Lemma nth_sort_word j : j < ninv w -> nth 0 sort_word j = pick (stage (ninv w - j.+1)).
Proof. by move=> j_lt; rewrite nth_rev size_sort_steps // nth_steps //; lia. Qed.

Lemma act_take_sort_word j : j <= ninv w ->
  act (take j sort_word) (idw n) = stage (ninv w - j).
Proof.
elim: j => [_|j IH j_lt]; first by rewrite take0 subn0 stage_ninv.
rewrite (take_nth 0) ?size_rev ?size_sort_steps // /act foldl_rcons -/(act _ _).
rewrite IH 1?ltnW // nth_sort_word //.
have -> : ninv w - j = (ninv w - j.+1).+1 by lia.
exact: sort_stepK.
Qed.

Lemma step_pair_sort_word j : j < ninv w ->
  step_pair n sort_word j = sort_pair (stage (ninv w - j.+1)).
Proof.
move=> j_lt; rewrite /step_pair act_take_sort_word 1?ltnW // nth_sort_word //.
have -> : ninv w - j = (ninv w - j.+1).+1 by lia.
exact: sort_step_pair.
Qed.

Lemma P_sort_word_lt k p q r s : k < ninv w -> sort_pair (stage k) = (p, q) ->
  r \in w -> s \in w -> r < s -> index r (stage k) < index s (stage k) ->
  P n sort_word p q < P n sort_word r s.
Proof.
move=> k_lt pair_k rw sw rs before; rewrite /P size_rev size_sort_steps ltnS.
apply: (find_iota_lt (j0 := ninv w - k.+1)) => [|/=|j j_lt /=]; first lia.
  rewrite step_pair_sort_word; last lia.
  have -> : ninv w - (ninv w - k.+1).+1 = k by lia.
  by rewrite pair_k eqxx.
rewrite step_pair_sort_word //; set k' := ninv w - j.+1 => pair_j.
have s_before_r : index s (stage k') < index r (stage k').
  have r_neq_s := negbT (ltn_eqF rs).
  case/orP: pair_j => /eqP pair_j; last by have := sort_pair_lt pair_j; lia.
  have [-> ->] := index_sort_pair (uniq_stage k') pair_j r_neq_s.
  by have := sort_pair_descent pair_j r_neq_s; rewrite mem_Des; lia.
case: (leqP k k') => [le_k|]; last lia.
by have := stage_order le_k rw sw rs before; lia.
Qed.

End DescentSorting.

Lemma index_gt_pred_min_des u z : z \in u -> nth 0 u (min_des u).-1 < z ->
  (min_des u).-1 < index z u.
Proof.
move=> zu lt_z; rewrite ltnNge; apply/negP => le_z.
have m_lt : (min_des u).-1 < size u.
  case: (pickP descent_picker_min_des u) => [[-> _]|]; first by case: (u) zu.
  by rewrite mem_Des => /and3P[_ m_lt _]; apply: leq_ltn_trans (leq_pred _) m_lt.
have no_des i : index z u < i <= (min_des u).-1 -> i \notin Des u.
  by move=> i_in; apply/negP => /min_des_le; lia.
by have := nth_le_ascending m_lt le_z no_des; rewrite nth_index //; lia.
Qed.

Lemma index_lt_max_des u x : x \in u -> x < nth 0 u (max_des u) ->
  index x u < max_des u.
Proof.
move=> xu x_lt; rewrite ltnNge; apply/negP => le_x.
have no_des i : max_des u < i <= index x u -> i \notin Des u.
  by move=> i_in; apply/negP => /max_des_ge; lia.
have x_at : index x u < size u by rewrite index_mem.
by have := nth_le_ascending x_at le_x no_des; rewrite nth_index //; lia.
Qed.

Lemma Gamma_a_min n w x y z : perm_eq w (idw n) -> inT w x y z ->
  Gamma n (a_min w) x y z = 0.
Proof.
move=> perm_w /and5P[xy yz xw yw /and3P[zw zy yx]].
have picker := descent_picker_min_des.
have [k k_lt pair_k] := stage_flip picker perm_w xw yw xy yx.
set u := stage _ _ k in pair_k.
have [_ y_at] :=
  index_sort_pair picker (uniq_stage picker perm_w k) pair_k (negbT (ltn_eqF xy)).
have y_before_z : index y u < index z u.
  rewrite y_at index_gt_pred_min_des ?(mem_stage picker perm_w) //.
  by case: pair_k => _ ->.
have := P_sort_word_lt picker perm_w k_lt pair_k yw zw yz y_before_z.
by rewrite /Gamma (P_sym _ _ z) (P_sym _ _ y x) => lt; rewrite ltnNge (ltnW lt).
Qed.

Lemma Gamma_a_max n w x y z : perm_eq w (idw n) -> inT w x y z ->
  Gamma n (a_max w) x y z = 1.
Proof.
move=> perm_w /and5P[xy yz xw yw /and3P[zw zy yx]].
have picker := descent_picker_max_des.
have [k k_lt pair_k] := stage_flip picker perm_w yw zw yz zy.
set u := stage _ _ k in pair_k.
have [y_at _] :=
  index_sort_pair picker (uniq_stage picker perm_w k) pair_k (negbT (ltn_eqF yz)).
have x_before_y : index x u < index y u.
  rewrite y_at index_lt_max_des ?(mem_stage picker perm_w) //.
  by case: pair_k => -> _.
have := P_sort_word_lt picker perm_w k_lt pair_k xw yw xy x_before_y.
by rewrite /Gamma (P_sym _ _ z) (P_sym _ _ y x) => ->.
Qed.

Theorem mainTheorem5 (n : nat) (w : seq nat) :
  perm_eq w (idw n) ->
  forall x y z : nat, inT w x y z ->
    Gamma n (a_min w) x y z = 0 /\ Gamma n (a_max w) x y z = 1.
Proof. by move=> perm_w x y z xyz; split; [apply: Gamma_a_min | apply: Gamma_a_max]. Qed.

• _EXERCISE BRIEF_: Given the word "exact", show every line of the records that contains it.

• _RESPONSE TO THE EXERCISE_:
exact: sort_stepK.
exact: sort_step_pair.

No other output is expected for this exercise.